# Write XML from list of path and values

[see program source](https://stackoverflow.com/questions/38984272/write-xml-from-list-of-path-values)

This program convert entries (see below) in an XML structure (see below)

In [14]:
entries = [
        {'Path': 'Item/Info/Name', 'Value': 'Body HD'},
        {'Path': 'Item/Info/Synopsis', 'Value': 'A great movie'},
        {'Path': 'Item/Locales/Locale[@Country="US"][@Language="ES"]/Name', 'Value': 'El Grecco'},
        {'Path': 'Item/Genres/Genre', 'Value': 'Action'},
        {'Path': 'Item/Genres/Genre', 'Value': 'Drama'},
        {'Path': 'Item/Purchases/Purchase[@Country="US"]/HDPrice', 'Value': '10.99'},
        {'Path': 'Item/Purchases/Purchase[@Country="US"]/SDPrice', 'Value': '9.99'},
        {'Path': 'Item/Purchases/Purchase[@Country="CA"]/SDPrice', 'Value': '4.99'},
    ]

    <Item>
        <Info>
            <Name>Body HD</Name>
            <Synopsis>A great movie</Synopsis>
        </Info>
        <Locales>
            <Locale Country="US" Language="ES">
                <Name>El Grecco</Name>
            </Locale>
        </Locales>
        <Genres>
            <Genre>Action</Genre>
            <Genre>Drama</Genre>
        </Genres>
        <Purchases>
            <Purchase Country="US">
                <HDPrice>10.99</HDPrice>
                <SDPrice>9.99</SDPrice>
            </Purchase>
            <Purchase Country="CA">
                <SDPrice>4.99</SDPrice>
            </Purchase>
        </Purchases>
    </Item>

In [15]:
import re
from lxml import etree

To parse each xpath step, I use the following regular expressions

In [16]:
TAG_REGEX = r"(?P<tag>\w+)"                         # capture group named tag. It is tag name
CONDITION_REGEX = r"(?P<condition>(?:\[.*?\])*)"    # capture group named condition. It is attributes
STEP_REGEX = TAG_REGEX + CONDITION_REGEX
ATTR_REGEX = r"@(?P<key>\w+)=\"(?P<value>.*?)\""

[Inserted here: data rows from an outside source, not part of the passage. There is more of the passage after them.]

Lemma coprime_mul_eq_square z a b k : 0 < a -> coprime a b -> a * b = k * z ^ 2 ->
  exists d u, d %| k /\ a = d * u ^ 2.
Proof.
elim/ltn_ind: z a b => z IH a b a_gt0 co_ab eab.
have [z_le1 | z_gt1] := leqP z 1.
  case: z z_le1 eab {IH} => [_ | [_ | //]] eab.
    have b0 : b = 0.
      by move: eab; rewrite muln0 => /eqP; rewrite muln_eq0 eqn0Ngt a_gt0 => /eqP.
    by exists 1, 1; move: co_ab; rewrite b0 /coprime gcdn0 => /eqP ->.
  by exists a, 1; rewrite muln1 -(muln1 k) -eab dvdn_mulr.
set r := pdiv z; have r_prime : prime r := pdiv_prime z_gt1.
have [z' ez] : exists z', z = z' * r by apply/dvdnP; exact: pdiv_dvd.
have r_gt1 := prime_gt1 r_prime.
have z'_lt : z' < z by rewrite ez; nia.
have r2_ab : r ^ 2 %| a * b by rewrite eab ez expnMn mulnA dvdn_mull.
have eq_div a' b' : a * b = r ^ 2 * (a' * b') -> a' * b' = k * z' ^ 2.
  move=> e; apply/eqP; rewrite -(@eqn_pmul2l (r ^ 2)) ?expn_gt0 ?(ltnW r_gt1) //.
  by rewrite -e eab ez expnMn; apply/eqP; nia.
have [r_a | r_na] := boolP (r %| a).
  have co_r2b : coprime (r ^ 2) b.
    rewrite coprime_pexpl // prime_coprime //; apply/negP => r_b.
    have : r %| gcdn a b by rewrite dvdn_gcd r_a.
    by rewrite (eqP co_ab) dvdn1 => /eqP r1; rewrite r1 in r_gt1.
  have [a' ea] : exists a', a = a' * r ^ 2 by apply/dvdnP; rewrite -(Gauss_dvdl _ co_r2b).
  have a'_gt0 : 0 < a' by move: a_gt0; rewrite ea muln_gt0 => /andP[].
  have co_a'b : coprime a' b by apply: coprime_dvdl co_ab; rewrite ea dvdn_mulr.
  have eab' : a' * b = k * z' ^ 2 by apply: eq_div; rewrite ea; nia.
  have [d [u [d_k eu]]] := IH z' z'_lt a' b a'_gt0 co_a'b eab'.
  by exists d, (r * u); split => //; rewrite ea eu; nia.
have co_r2a : coprime (r ^ 2) a by rewrite coprime_pexpl // prime_coprime.
have [b' eb] : exists b', b = b' * r ^ 2 by apply/dvdnP; rewrite -(Gauss_dvdr _ co_r2a).
have co_ab' : coprime a b' by apply: coprime_dvdr co_ab; rewrite eb dvdn_mulr.
have eab' : a * b' = k * z' ^ 2 by apply: eq_div; rewrite eb; nia.
exact: IH z' z'_lt a b' a_gt0 co_ab' eab'.
Qed.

search_step = re.compile(STEP_REGEX, flags=re.DOTALL).search
findall_attr = re.compile(ATTR_REGEX, flags=re.DOTALL).findall

def parse_step(step):
    mo = search_step(step)
    if mo:
        tag = mo.group("tag")
        condition = mo.group("condition")
    return tag, dict(findall_attr(condition))
    raise ValueError(xpath)

The **parse_step** return a tag name and a attributes dictionary. Then, I process the same way to build the XML tree:

In [17]:
from IPython.core.debugger import set_trace

In [18]:
# le noeud racine n'existe pas donc sa valeur est nulle
root = None

for entry in entries:
    # path est le pathname de la premiere colonne du tableau
    # creation du xpath_list qui est la liste des elements du pathname (separateur est le /)
    path = entry["Path"]
    parts = path.split("/")
    xpath_list = ["/" + parts[0]] + parts[1:]
    
    # initialise le noeud courant sur le noeud racine
    curr = root
    
    # xpath est un element elementaire du pathname 
    for xpath in xpath_list:
        
        # tag_name est le nom de l'element et attrs est le dictionnaire des attributs de l'element
        tag_name, attrs = parse_step(xpath)

        # si le noeud courant est vide, l'element devient la racine
        if curr is None:                 
            root = curr = etree.Element(tag_name, **attrs)               # creation du noeud racine
        else:
            nodes = curr.xpath(xpath)   # sinon rechercher l'element dans le noeud courant
            if nodes:                   # le noeud courant contient l'element
                curr = nodes[0]                     # se positionner sur l'element 
            else:                       # le noeud courant ne contient pas l'element
                                        # créer l'element comme un fils du noeud courant
                curr = etree.SubElement(curr, tag_name, **attrs) # créer l'element comme un fils du 
    
    # quand on arrive au bout du pathname on insere la valeur dans le dernier element
    if curr.text:                                        
        curr = etree.SubElement(curr.getparent(), curr.tag, **curr.attrib)
    curr.text = entry["Value"]

print(etree.tostring(root, pretty_print=True).decode())

<Item>
  <Info>
    <Name>Body HD</Name>
    <Synopsis>A great movie</Synopsis>
  </Info>
  <Locales>
    <Locale Country="US" Language="ES">
      <Name>El Grecco</Name>
    </Locale>
  </Locales>
  <Genres>
    <Genre>Action</Genre>
    <Genre>Drama</Genre>
  </Genres>
  <Purchases>
    <Purchase Country="US">
      <HDPrice>10.99</HDPrice>
      <SDPrice>9.99</SDPrice>
    </Purchase>
    <Purchase Country="CA">
      <SDPrice>4.99</SDPrice>
    </Purchase>
  </Purchases>
</Item>